Но если вдруг, нежданная, вбегает
Беда в семью играющих Надежд;
Но если жизнь изменою слетает
С веселых, ей лишь миг знакомых вежд
И Счастие младое умирает,
Еще не сняв и праздничных одежд…
Тогда наш дух объемлет трепетанье,
И силой в грудь врывается роптанье.
Здесь нет ни песенной мелодичности, ни свойственной песне суммарности в передаче переживания. Своеобразие стиля элегии — в сочетании конкретности мыслей и чувств («И в руку ей рукой оцепенелой ответного движенья не вожмешь…», «А мать, склонясь к обманчивым листам…» и т. д.) с торжественной патетикой, философским обобщением. Философский смысл имеют олицетворения, восходящие к традиции «высокой» поэзии XVIII века («Беда», «Молва», «Надежда», «Прелесть», «Счастие»). Несомненно, данная элегия и вообще данный стиль поэзии. Жуковского сильнейшим образом воздействовали на лирику Баратынского («Осень»).
Не следует затушевывать того, что в поэзии и философских воззрениях Жуковского является для нас чужим. Это — идеалистически-религиозные черты его поэзии, особенно усилившиеся к концу 1810-х годов и развивавшиеся в 1820-1840-х годах.
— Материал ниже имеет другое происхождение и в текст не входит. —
(* Let $d\ge3$, $h\ge1$, and let $\mathbf{x}_0$ be the standard basis vector of $\mathbb{Z}^V$ corresponding to the root $0$. Then the order of the image $\bar{\mathbf{x}}_0$ of $\mathbf{x}_0$ in $G(d,h)$ is $d(d-1)^h$.
   Context: Let $\mathcal{T}(d,h)$ be the rooted tree in which the root $0$ has $d$ children, every vertex at distance $1,\dots,h-1$ from the root has $d-1$ children, and the vertices at distance $h$ are leaves. Let $V$ be its vertex set, $A$ its adjacency matrix, $\Delta := dI-A$, and $\Lambda\subset\mathbb{Z}^V$ the lattice spanned by the rows of $\Delta$. Then $G(d,h):=\mathbb{Z}^V/\Lambda$; for $\mathbf{v}\in\mathbb{Z}^V$, $\bar{\mathbf{v}}$ denotes its image in $G(d,h)$. $\{\mathbf{x}_i:i\in V\}$ is the standard basis of $\mathbb{Z}^V$. *)

From HB Require Import structures.
From mathcomp Require Import all_boot all_order all_algebra.
Set Implicit Arguments. Unset Strict Implicit. Unset Printing Implicit Defensive.
Import Order.TTheory GRing.Theory Num.Theory.
Local Open Scope ring_scope.

(* A vertex of T(d,h) is encoded by the path of child-indices from the root:
   the root is [::]; a vertex at depth k >= 1 is a list [a1; ...; ak] with
   a1 < d (the root has d children) and a2,...,ak < d-1 (every other
   non-leaf vertex has d-1 children), k <= h. *)

Fixpoint tpaths (c k : nat) : seq (seq nat) :=
  if k is k'.+1 then [::] :: [seq a :: s | a <- iota 0 c, s <- tpaths c k']
  else [:: [::]].

Definition tree_vertices (d h : nat) : seq (seq nat) :=
  [::] :: (if h is h'.+1 then [seq a :: s | a <- iota 0 d, s <- tpaths d.-1 h']
           else [::]).

Definition tvert (d h : nat) : finType := seq_sub (tree_vertices d h).

Definition troot (d h : nat) : tvert d h :=
  SeqSub (mem_head ([::] : seq nat) _).

Definition tparent (s t : seq nat) : bool :=
  (size t == (size s).+1) && (take (size s) t == s).
Definition tadj d h (u v : tvert d h) : bool :=
  tparent (ssval u) (ssval v) || tparent (ssval v) (ssval u).

Definition tDelta d h (u v : tvert d h) : int :=
  (d%:Z * (u == v)%:Z) - (tadj u v)%:Z.

Definition inLambda d h (x : tvert d h -> int) : Prop :=
  exists c : tvert d h -> int, forall j, x j = \sum_(i : tvert d h) c i * tDelta i j.

Definition stdvec d h (i : tvert d h) : tvert d h -> int := fun j => (i == j)%:Z.

Definition order_in_G d h (x : tvert d h -> int) (n : nat) : Prop :=
  (0 < n)%N /\ inLambda (fun j => n%:Z * x j) /\
  forall m : nat, (0 < m < n)%N -> ~ inLambda (fun j => m%:Z * x j).

From mathcomp Require Import all_boot all_order all_algebra.
From mathcomp Require Import zify ring.
Set Implicit Arguments. Unset Strict Implicit. Unset Printing Implicit Defensive.
Import Order.TTheory GRing.Theory Num.Theory.
Local Open Scope ring_scope.

(* Write q = d - 1 and p(v) = 1 + q + ... + q^(h - depth v).  Then p is harmonic
   (d p(v) is the sum of p over the neighbours of v) at every vertex except the
   root, where the defect is d q^h; that is, p Delta = d q^h x_0.  Conversely,
   Delta has trivial left kernel by the maximum principle: the maximum of a
   harmonic function propagates from parent to child down to a leaf, where
   harmonicity forces it to be <= 0.  So if m x_0 = c Delta, then
   d q^h c = m p, and evaluating at a leaf, where p = 1, gives d q^h | m. *)

Section SeqSubSums.

Variables (T : choiceType) (s : seq T) (R : nmodType).

Lemma big_seq_sub_cond (P : pred T) (r : seq T) (F : T -> R) :
  uniq r -> r =i [pred x | P x && (x \in s)] ->
  \sum_(i : seq_sub s | P (ssval i)) F (ssval i) = \sum_(x <- r) F x.
Proof.
move=> r_uniq r_def.
have r_perm : perm_eq r [seq ssval i | i <- enum {: seq_sub s} & P (ssval i)].
  apply: uniq_perm => //.
    by rewrite (map_inj_uniq val_inj) filter_uniq ?enum_uniq.
  move=> x; rewrite r_def inE; apply/andP/mapP => [[Px sx]|[i]].
    by exists (SeqSub sx); rewrite // mem_filter Px mem_enum.
  by rewrite mem_filter => /andP[Pi _] ->; rewrite Pi ssvalP.
by rewrite (perm_big _ r_perm) big_map big_filter big_enum_cond.
Qed.

End SeqSubSums.

Definition tpath (d : nat) (s : seq nat) : bool :=
  if s is a :: t then (a < d)%N && all (fun b => b < d.-1)%N t else true.

Definition nchildren (d : nat) (s : seq nat) : nat :=
  if s is [::] then d else d.-1.

Definition parent (s : seq nat) : seq nat := take (size s).-1 s.

Lemma mem_allpairs_cons (T : eqType) (A : seq T) (B : seq (seq T)) s :
  (s \in [seq a :: t | a <- A, t <- B]) =
  (if s is a :: t then (a \in A) && (t \in B) else false).
Proof.
apply/allpairsP/idP => [[[a t] /= [Aa Bt ->]] | ]; first by rewrite Aa Bt.
by case: s => [//|a t] /andP[Aa Bt]; exists (a, t).
Qed.

Lemma mem_tpaths c k s :
  (s \in tpaths c k) = (size s <= k)%N && all (fun b => b < c)%N s.
Proof.
elim: k s => [|k IHk] [|a t] //=.
by rewrite in_cons mem_allpairs_cons mem_iota add0n IHk ltnS andbCA andbA.
Qed.

Lemma mem_tree_vertices d h s :
  (s \in tree_vertices d h) = (size s <= h)%N && tpath d s.
Proof.
case: h => [|h]; case: s => [|a t] //=.
by rewrite in_cons mem_allpairs_cons mem_iota add0n mem_tpaths ltnS andbCA andbA.
Qed.

Lemma tpath_rcons d s a : tpath d (rcons s a) = tpath d s && (a < nchildren d s)%N.
Proof.
case: s => [|b t] /=; first exact: andbT.
by rewrite all_rcons -andbA (andbC (a < _)%N).
Qed.

Lemma nchildren_gt0 d s : (1 < d)%N -> (0 < nchildren d s)%N.
Proof. by case: s => [|? ?] /=; lia. Qed.

Lemma nchildrenE d s : (0 < d)%N ->
  (nchildren d s)%:Z = if s == [::] then d%:Z else d%:Z - 1.
Proof. by case: s => [|? ?] d_gt0 //=; rewrite predn_int. Qed.

Lemma size_parent s : size (parent s) = (size s).-1.
Proof. by rewrite size_takel // leq_pred. Qed.

Lemma parent_rcons s (a : nat) : parent (rcons s a) = s.
Proof. by rewrite /parent size_rcons -cats1 (take_size_cat _ erefl). Qed.

Lemma tparentP s t : reflect (exists a, t = rcons s a) (tparent s t).
Proof.
apply: (iffP andP) => [[]|[a ->]]; last first.
  by rewrite size_rcons -cats1 (take_size_cat _ erefl).
case/lastP: t => [//|t a]; rewrite size_rcons eqSS -cats1 => /eqP st.
by rewrite (take_size_cat _ st) => /eqP <-; exists a; rewrite cats1.
Qed.

Lemma mem_tree_vertices_parent d h s :
  s \in tree_vertices d h -> parent s \in tree_vertices d h.
Proof.
case/lastP: s => [//|p a]; rewrite !mem_tree_vertices parent_rcons size_rcons tpath_rcons.
by case/andP=> /ltnW -> /andP[].
Qed.

Lemma mem_tree_vertices_child d h s a :
  s \in tree_vertices d h -> (size s < h)%N -> (a < nchildren d s)%N ->
  rcons s a \in tree_vertices d h.
Proof.
by rewrite !mem_tree_vertices size_rcons tpath_rcons => /andP[_ ->] -> ->.
Qed.

Definition neighbour_sum (d h : nat) (F : seq nat -> int) (s : seq nat) : int :=
  (if s == [::] then 0 else F (parent s))
  + (if (size s < h)%N then \sum_(a < nchildren d s) F (rcons s a) else 0).

Section Laplacian.

Variables (d h : nat).

Lemma sum_parents (F : seq nat -> int) s : s \in tree_vertices d h ->
  \sum_(i : tvert d h | tparent (ssval i) s) F (ssval i)
  = if s == [::] then 0 else F (parent s).
Proof.
rewrite mem_tree_vertices; case/lastP: s => [_|p a].
  by rewrite (big_seq_sub_cond (s := tree_vertices d h) (P := tparent^~ [::])
                (r := [::])) ?big_nil.
rewrite size_rcons tpath_rcons => /andP[hp /andP[pp _]].
rewrite (big_seq_sub_cond (s := tree_vertices d h) (P := tparent^~ (rcons p a))
           (r := [:: p])) //.
  by rewrite big_seq1 -size_eq0 size_rcons parent_rcons.
move=> x; rewrite mem_seq1 /=; apply/eqP/andP => [->|[/tparentP[b]]].
  by split; [apply/tparentP; exists a | rewrite mem_tree_vertices ltnW ?pp].
by move/eqP; rewrite eqseq_rcons => /andP[/eqP].
Qed.

Lemma sum_children (F : seq nat -> int) s : s \in tree_vertices d h ->
  \sum_(i : tvert d h | tparent s (ssval i)) F (ssval i)
  = if (size s < h)%N then \sum_(a < nchildren d s) F (rcons s a) else 0.
Proof.
rewrite mem_tree_vertices => /andP[_ ps]; case: ltnP => [hs|hs]; last first.
  rewrite (big_seq_sub_cond (s := tree_vertices d h) (P := tparent s) (r := [::]))
    ?big_nil // => x /=.
  apply/esym/andP => -[/tparentP[a ->]].
  by rewrite mem_tree_vertices size_rcons ltnNge hs.
rewrite (big_seq_sub_cond (s := tree_vertices d h) (P := tparent s)
           (r := [seq rcons s a | a <- iota 0 (nchildren d s)])).
- by rewrite big_map -(big_mkord xpredT (fun a => F (rcons s a))) /index_iota subn0.
- by rewrite (map_inj_uniq (@rcons_injr _ s)) iota_uniq.
move=> x /=; apply/mapP/andP => [[a]|[/tparentP[a ->]]].
  rewrite mem_iota add0n => an ->; split; first by apply/tparentP; exists a.
  by rewrite mem_tree_vertices size_rcons hs tpath_rcons ps.
rewrite mem_tree_vertices tpath_rcons => /andP[_ /andP[_ an]].
by exists a; rewrite // mem_iota add0n.
Qed.

Lemma sum_tDelta (F : seq nat -> int) (j : tvert d h) :
  \sum_i F (ssval i) * tDelta i j
  = d%:Z * F (ssval j) - neighbour_sum d h F (ssval j).
Proof.
have sum_ind (P : pred (tvert d h)) :
    \sum_i F (ssval i) * (P i)%:Z = \sum_(i | P i) F (ssval i).
  by rewrite [RHS]big_mkcond; apply: eq_bigr => i _; case: (P i); rewrite ?mulr1 ?mulr0.
have tadjE i :
    (tadj i j)%:Z = (tparent (ssval i) (ssval j))%:Z + (tparent (ssval j) (ssval i))%:Z.
  rewrite /tadj; case/boolP: (tparent _ _) => [/andP[/eqP ij _]|_].
    by rewrite {2}/tparent ij; case: eqP => //; lia.
  by case: (tparent _ _).
under eq_bigr => i _ do rewrite /tDelta tadjE mulrBr mulrDr mulrCA.
rewrite sumrB big_split -mulr_sumr !sum_ind big_pred1_eq.
by rewrite sum_parents ?sum_children ?ssvalP.
Qed.

End Laplacian.

Section MaximumPrinciple.

Variables (d h : nat) (F : seq nat -> int).
Hypothesis d_gt1 : (1 < d)%N.
Hypothesis F_harmonic : forall s, s \in tree_vertices d h ->
  d%:Z * F s = neighbour_sum d h F s.

Local Notation V := (tree_vertices d h).

Lemma harmonic_max_child s : s \in V -> (forall t, t \in V -> F t <= F s) ->
  (size s < h)%N -> F (rcons s 0%N) = F s.
Proof.
move=> sV Fmax hs; have := F_harmonic sV; rewrite /neighbour_sum hs.
have n_gt0 := nchildren_gt0 s d_gt1.
have child_le : F s - F (rcons s 0%N) <= \sum_(a < nchildren d s) (F s - F (rcons s a)).
  rewrite (bigD1 (Ordinal n_gt0)) //= lerDl sumr_ge0 // => a _.
  by rewrite subr_ge0 Fmax // mem_tree_vertices_child.
have parent_le := Fmax _ (mem_tree_vertices_parent sV).
have child0_le := Fmax _ (mem_tree_vertices_child sV hs n_gt0).
move: child_le; rewrite sumrB sumr_const card_ord -mulr_natr natz nchildrenE 1?ltnW //.
set C := \sum_(a < nchildren d s) F (rcons s a).
by case: eqP => _; nia.
Qed.

Lemma harmonic_max_leaf s : s \in V -> (forall t, t \in V -> F t <= F s) ->
  ~~ (size s < h)%N -> F s <= 0.
Proof.
move=> sV Fmax /negbTE hs; have := F_harmonic sV; rewrite /neighbour_sum hs addr0.
have parent_le := Fmax _ (mem_tree_vertices_parent sV).
by case: eqP => _; nia.
Qed.

Lemma harmonic_le0 s : s \in V -> F s <= 0.
Proof.
have [v _ vmax] := arg_maxP (fun i : tvert d h => F (ssval i)) (isT : xpredT (troot d h)).
have Fmax t : t \in V -> F t <= F (ssval v) by move=> tV; exact: (vmax (SeqSub tV)).
suff max_le0 : F (ssval v) <= 0 by move=> sV; exact: le_trans (Fmax s sV) max_le0.
have descend k t : (h - size t)%N = k -> t \in V ->
    (forall u, u \in V -> F u <= F t) -> F t <= 0.
  elim: k t => [|k IHk] t hk tV tmax.
    by apply: harmonic_max_leaf => //; rewrite -leqNgt -subn_eq0 hk.
  have ht : (size t < h)%N by rewrite -subn_gt0 hk.
  have child_eq := harmonic_max_child tV tmax ht.
  rewrite -child_eq; apply: IHk; rewrite ?child_eq //.
    by rewrite size_rcons subnS hk.
  exact: mem_tree_vertices_child (nchildren_gt0 t d_gt1).
exact: descend erefl (ssvalP v) Fmax.
Qed.

End MaximumPrinciple.

Lemma tDelta_left_kernel d h (y : tvert d h -> int) : (1 < d)%N ->
  (forall j, \sum_i y i * tDelta i j = 0) -> forall i, y i = 0.
Proof.
move=> d_gt1 y_ker.
have ker_le0 (z : tvert d h -> int) :
    (forall j, \sum_i z i * tDelta i j = 0) -> forall i, z i <= 0.
  move=> z_ker i; pose F s := z (insubd (troot d h) s).
  have zF k : z k = F (ssval k) by rewrite /F valKd.
  rewrite zF; apply: (harmonic_le0 d_gt1) (ssvalP i) => s sV; apply/eqP.
  have := z_ker (SeqSub sV); under eq_bigr => k _ do rewrite zF.
  by rewrite sum_tDelta => /eqP; rewrite subr_eq0.
move=> i; apply/eqP; rewrite eq_le ker_le0 //= -oppr_le0.
apply: (ker_le0 (fun k => - y k)) => j.
by under eq_bigr => k _ do rewrite mulNr; rewrite sumrN y_ker oppr0.
Qed.

Fixpoint geom (q : int) (n : nat) : int :=
  if n is n'.+1 then 1 + q * geom q n' else 1.

Lemma geomS_sub q n : geom q n.+1 - geom q n = q ^+ n.+1.
Proof. by elim: n => [|n IHn] /=; [ring | rewrite exprS -IHn /=; ring]. Qed.

Definition root_potential (d h : nat) (s : seq nat) : int :=
  geom (d%:Z - 1) (h - size s).

Lemma root_potential_harmonic d h s : (0 < d)%N -> s \in tree_vertices d h ->
  d%:Z * root_potential d h s - neighbour_sum d h (root_potential d h) s
  = d%:Z * (d%:Z - 1) ^+ h * (s == [::])%:Z.
Proof.
move=> d_gt0 sV; rewrite /neighbour_sum.
under eq_bigr => a _ do rewrite /root_potential size_rcons.
rewrite sumr_const card_ord -mulr_natr natz nchildrenE // /root_potential size_parent.
move: sV; rewrite mem_tree_vertices; case: s => [_|b t /= /and3P[ht _ _]] /=.
  by case: h => [|h] /=; [ring | rewrite subn1 /= -(geomS_sub _ h) /=; ring].
set k := size t in ht *; case: ltnP => [lt_th | ge_th]; last first.
  have -> : (h - k.+1)%N = 0%N by lia.
  have -> : (h - k)%N = 1%N by lia.
  by rewrite /= addr0; ring.
have -> : (h - k)%N = (h - k.+2).+2 by lia.
have -> : (h - k.+1)%N = (h - k.+2).+1 by lia.
by rewrite /=; ring.
Qed.

Lemma Posz_mul_predn_exp d h : (0 < d)%N ->
  (d * (d - 1) ^ h)%N%:Z = d%:Z * (d%:Z - 1) ^+ h.
Proof.
by move=> d_gt0; rewrite PoszM; congr (_ * _); rewrite -natz natrX natz -subzn.
Qed.

Lemma troot_eqE d h (j : tvert d h) : (troot d h == j) = (ssval j == [::]).
Proof. by rewrite -val_eqE eq_sym. Qed.

Lemma mem_tree_vertices_nseq d h : (1 < d)%N -> nseq h 0%N \in tree_vertices d h.
Proof.
move=> d_gt1; rewrite mem_tree_vertices size_nseq leqnn.
case: h => [|h] //=; rewrite (ltnW d_gt1); apply/allP => b /nseqP[-> _]; lia.
Qed.

Lemma inLambda_root_order d h : (0 < d)%N ->
  inLambda (fun j => (d * (d - 1) ^ h)%N%:Z * stdvec (troot d h) j).
Proof.
move=> d_gt0; exists (fun i => root_potential d h (ssval i)) => j.
rewrite sum_tDelta root_potential_harmonic ?ssvalP //.
by rewrite /stdvec troot_eqE Posz_mul_predn_exp.
Qed.

Lemma dvdn_of_inLambda_root d h m : (1 < d)%N ->
  inLambda (fun j => m%:Z * stdvec (troot d h) j) -> (d * (d - 1) ^ h %| m)%N.
Proof.
move=> d_gt1 [c c_def]; set N := (d * (d - 1) ^ h)%N.
have d_gt0 := ltnW d_gt1.
pose leaf : tvert d h := SeqSub (mem_tree_vertices_nseq h d_gt1).
pose y i := N%:Z * c i - m%:Z * root_potential d h (ssval i).
have y_ker j : \sum_i y i * tDelta i j = 0.
  under eq_bigr => i _ do rewrite mulrBl -!mulrA.
  rewrite sumrB -!mulr_sumr -c_def sum_tDelta root_potential_harmonic ?ssvalP //.
  by rewrite /stdvec troot_eqE /N Posz_mul_predn_exp //; ring.
have := tDelta_left_kernel d_gt1 y_ker leaf.
rewrite /y /root_potential /= size_nseq subnn /= mulr1 => /eqP.
rewrite subr_eq0 => /eqP m_eq.
have : (N%:Z %| m%:Z)%Z by apply/dvdzP; exists (c leaf); rewrite -m_eq mulrC.
by rewrite dvdzE.
Qed.

Theorem proposition7p2 (d h : nat) :
  (3 <= d)%N -> (1 <= h)%N ->
  order_in_G (stdvec (troot d h)) (d * (d - 1) ^ h)%N.
Proof.
move=> d_ge3 _; have d_gt1 : (1 < d)%N by lia.
split; [|split].
- by rewrite muln_gt0 expn_gt0 subn_gt0 d_gt1 ltnW.
- exact: inLambda_root_order (ltnW d_gt1).
- move=> m /andP[m_gt0 m_lt] /(dvdn_of_inLambda_root d_gt1) /(dvdn_leq m_gt0).
  by rewrite leqNgt m_lt.
Qed.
Исполненный неудовлетворенности жизнью поэт, которого современники называли «поэтом страдания», далек от ропота и протеста (даже трагическая элегия «На кончину ее величества королевы Виртембергской» заканчивается религиозно-примиряющим аккордом). В течение всей своей жизни Жуковский верил, что за все муки в жертвы — «там наше воздаянье» («Песня» — «О милый друг, теперь с тобою радость…»), что «смертных ропот безрассуден» («Людмила»).